(* Let $W\in\mathcal{W}(St^{\chi},\psi)^J$, let $\bar{k}\in\mathbb{Z}^n$, $d=\varpi^{\bar{k}}$ and $w\in\mathbf{W}$. Then $W(dw)=0$ unless $\bar{k}$ is $w$-dominant, i.e. unless for all $\alpha\in\Delta$ we have $\langle\alpha,\bar{k}\rangle\ge 0$ if $w^{-1}\alpha\in\Phi^+$ and $\langle\alpha,\bar{k}\rangle\ge -1$ if $w^{-1}\alpha\in\Phi^-$.
   Context: $F$ is a non-archimedean local field with ring of integers $\mathcal{O}$, maximal ideal $\mathfrak{p}=\varpi\mathcal{O}$. $G=GL_n(F)$, $B$ upper triangular Borel, $N$ upper triangular unipotent matrices, $K=GL_n(\mathcal{O})$, $J$ the Iwahori subgroup (elements of $K$ whose reduction mod $\mathfrak{p}$ is upper triangular). $\varpi^{\bar{k}}=\mathrm{diag}(\varpi^{k_1},\dots,\varpi^{k_n})$. $\mathbf{W}$ is the Weyl group of permutation matrices. Roots $\alpha_{i,j}(\mathrm{diag}(t))=t_i/t_j$, $\Phi^+=\{\alpha_{i,j}:i<j\}$, $\Phi^-=\{\alpha_{i,j}:i>j\}$, $\Delta=\{\alpha_{i,i+1}\}$, $(w\alpha)(t)=\alpha(w^{-1}tw)$, $\langle\alpha_{i,j},\bar{k}\rangle=k_i-k_j$. $\delta_B(\mathrm{diag}(t))=\prod|t_i|^{n+1-2i}$. $\tau$ unramified character of $F^*$ with $\tau^n=1$, $\chi=\tau\circ\det$; $St^{\chi}$ is the unique irreducible quotient of $I(\chi\delta_B^{-1/2})$, $I(\chi)=\mathrm{Ind}_B^G(\delta_B^{1/2}\chi)$ (normalized induction). $\psi$ is an unramified additive character of $F$ (trivial on $\mathcal{O}$, nontrivial on $\mathfrak{p}^{-1}$), extended to $N$ by $\psi(n)=\psi(\sum_i n_{i,i+1})$; $\mathcal{W}(St^{\chi},\psi)$ is the Whittaker model (functions with $W(ng)=\psi(n)W(g)$, $G$ acting by right translation) and the superscript $J$ denotes right $J$-invariant functions. *)

From HB Require Import structures.
From mathcomp Require Import all_boot all_order all_algebra all_fingroup.
From mathcomp Require Import reals complex.
Set Implicit Arguments. Unset Strict Implicit. Unset Printing Implicit Defensive.
Import Order.TTheory GRing.Theory Num.Theory.
Local Open Scope ring_scope.

Section LocalFieldDefs.
Variables (F : fieldType) (v : F -> int) (pi : F).

(* x ∈ p^m  (x = 0 or v(x) >= m); the value of v at 0 is irrelevant *)
Definition inP (m : int) (x : F) : bool := (x == 0) || (m <= v x).
Definition inO (x : F) : bool := inP 0 x.

Definition nonarch_local_field (q : nat) : Prop :=
  [/\ (forall x y, x != 0 -> y != 0 -> v (x * y) = v x + v y),
      (forall x y, x != 0 -> y != 0 -> x + y != 0 -> Num.min (v x) (v y) <= v (x + y)),
      pi != 0 /\ v pi = 1,
      (* residue field O/p has exactly q elements, q > 1 *)
      (1 < q)%N /\ exists s : seq F, [/\ size s = q, all inO s,
          (forall i j, (i < q)%N -> (j < q)%N -> inP 1 (nth 0 s i - nth 0 s j) -> i = j)
        & forall x, inO x -> exists2 r, r \in s & inP 1 (x - r)] &
      forall u : nat -> F,
        (forall m : int, exists N, forall i j, (N <= i)%N -> (N <= j)%N -> inP m (u i - u j)) ->
        exists l, forall m : int, exists N, forall i, (N <= i)%N -> inP m (u i - l)].
End LocalFieldDefs.

Section GroupDefs.
Variables (F : fieldType) (v : F -> int) (n : nat).
Local Notation M := 'M[F]_n.

Definition inGL (g : M) : bool := g \in unitmx.
Definition inB (b : M) : Prop := inGL b /\ forall i j : 'I_n, (j < i)%N -> b i j = 0.
Definition inN (u : M) : Prop :=
  (forall i j : 'I_n, (j < i)%N -> u i j = 0) /\ (forall i : 'I_n, u i i = 1).
Definition inK (k : M) : Prop :=
  (forall i j, inO v (k i j)) /\ \det k != 0 /\ v (\det k) = 0.
Definition inJ (k : M) : Prop := inK k /\ forall i j : 'I_n, (j < i)%N -> inP v 1 (k i j).
Definition inKm (m : nat) (k : M) : Prop := forall i j, inP v m%:Z ((k - 1%:M) i j).

Definition varpi_diag (pi : F) (k : 'I_n -> int) : M := diag_mx (\row_i pi ^ k i).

YOUR GOAL: Copy out each line of the data where the string "bool" appears.

EXERCISE RESULT:
Definition inP (m : int) (x : F) : bool := (x == 0) || (m <= v x).
Definition inO (x : F) : bool := inP 0 x.
Definition inGL (g : M) : bool := g \in unitmx.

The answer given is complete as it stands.